# [WHAT YOU WILL DO]
Only the lines from the one containing "From HB Require Import structures." through the last line of the material should be returned, each exactly as it stands.

# [DATA SHOWN]
*** Begin section ***
(* Every vertex of height 0 or 2 is adjacent to some s_i, and a minimal odd
   total dominating set D has to dominate each s_i.  A leaf of D dominates only
   its parent, so it is redundant unless it is the only vertex of D next to that
   parent; hence D consists of exactly one neighbour u_{i,a_i} of each s_i.
   Conversely {u_{i,a_i}} is a minimal odd total dominating set iff the chosen
   height-2 vertices dominate V_3 and every chosen height-2 vertex is chosen by
   all of its height-1 neighbours; both conditions only depend on the set of
   indices with a_i = 1.
   Given a <_P b with F_b a facet, pick i with a_i < b_i.  If a_i = 1, set to 1
   every b_j whose height-2 vertex is u_{i,1}: this raises l(b).  Otherwise
   replace b_i by a_i: this keeps l(b) and decreases b lexicographically.  Both
   moves preserve the two conditions, and the new facet contains every vertex of
   F_b except u_{i,a_i}. *)

Lemma count_geq_iota m n : count (leq m) (iota 0 n) = n - m.
Proof.
elim: n => [|n IH] //; rewrite -addn1 iotaD count_cat IH /= addn0; lia.
Qed.

Lemma card_ord_geq n m : #|[set a : 'I_n | m <= a]| = n - m.
Proof.
by rewrite cardsE cardE size_filter -count_geq_iota -val_enum_ord count_map enumT.
Qed.
(* Let $\bar x$ be a sparsest solution of problem (P), and let $\tilde X$ be an optimal solution of the QBP program for some $\lambda\ge0$. Suppose that: - $\operatorname{rank}(\tilde X)=1$; - $\|\tilde X\|_0<\tfrac12\left(1+\tfrac{1}{\mu(\mathbf{B})}\right)$, with the convention $1/0=\infty$. Then $\tilde X=\begin{bmatrix}1\\ \bar x\end{bmatrix}\begin{bmatrix}1 & \bar x^H\end{bmatrix}$.
   Context: Fix integers $n,N\ge 1$ and data $a_i\in\mathbb{C}$, $b_i,c_i\in\mathbb{C}^n$, $Q_i\in\mathbb{C}^{n\times n}$, $y_i\in\mathbb{C}$ for $i=1,\dots,N$. Problem (P) is $$\min_{x\in\mathbb{C}^n}\|x\|_0\quad\text{subject to}\quad y_i=a_i+b_i^H x+x^H c_i+x^H Q_i x,\quad i=1,\dots,N.$$ Here $\|\cdot\|_0$ counts nonzero entries of a vector or matrix, and ${}^H$ denotes conjugate transpose. Let $\Phi_i=\begin{bmatrix} a_i & b_i^H\\ c_i & Q_i\end{bmatrix}\in\mathbb{C}^{(n+1)\times(n+1)}$. Define the linear operator $B:\mathbb{C}^{(n+1)\times(n+1)}\to\mathbb{C}^N$ by $B(X)=(\operatorname{tr}(\Phi_i X))_{i=1}^N$. The QBP program with parameter $\lambda\ge0$ is $$\min_{X}\ \operatorname{tr}(X)+\lambda\|X\|_1\quad\text{subject to}\quad y_i=\operatorname{tr}(\Phi_i X)\ (i=1,\dots,N),\quad X_{1,1}=1,\quad X\succeq0,$$ where $X$ ranges over Hermitian $(n+1)\times(n+1)$ matrices and $\|X\|_1$ is the sum of absolute values of the entries. Let $\mathbf{B}\in\mathbb{C}^{N\times(n+1)^2}$ be the matrix satisfying $B(X)=\mathbf{B}\,\mathrm{vec}(X)$ for all $X$, where $\mathrm{vec}(X)$ is the vectorization of $X$ (stacking its entries into a vector). Assume every column of $\mathbf{B}$ is nonzero. For a matrix $A$ with nonzero columns $A_{:,1},\dots,A_{:,m}$, the mutual coherence is $\mu(A)=\max_{i\ne j}\frac{|A_{:,i}^H A_{:,j}|}{\|A_{:,i}\|\,\|A_{:,j}\|}$, with Euclidean norms. *)

(* The complex field is modelled by an arbitrary
   numClosedFieldType C (C = ℂ is an instance). *)
From HB Require Import structures.
From mathcomp Require Import all_boot all_order all_algebra.
Set Implicit Arguments. Unset Strict Implicit. Unset Printing Implicit Defensive.
Import Order.TTheory GRing.Theory Num.Theory.
Local Open Scope ring_scope.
*** End section ***
# [REPLY TO THE TASK]
From HB Require Import structures.
From mathcomp Require Import all_boot all_order all_algebra.
Set Implicit Arguments. Unset Strict Implicit. Unset Printing Implicit Defensive.
Import Order.TTheory GRing.Theory Num.Theory.
Local Open Scope ring_scope.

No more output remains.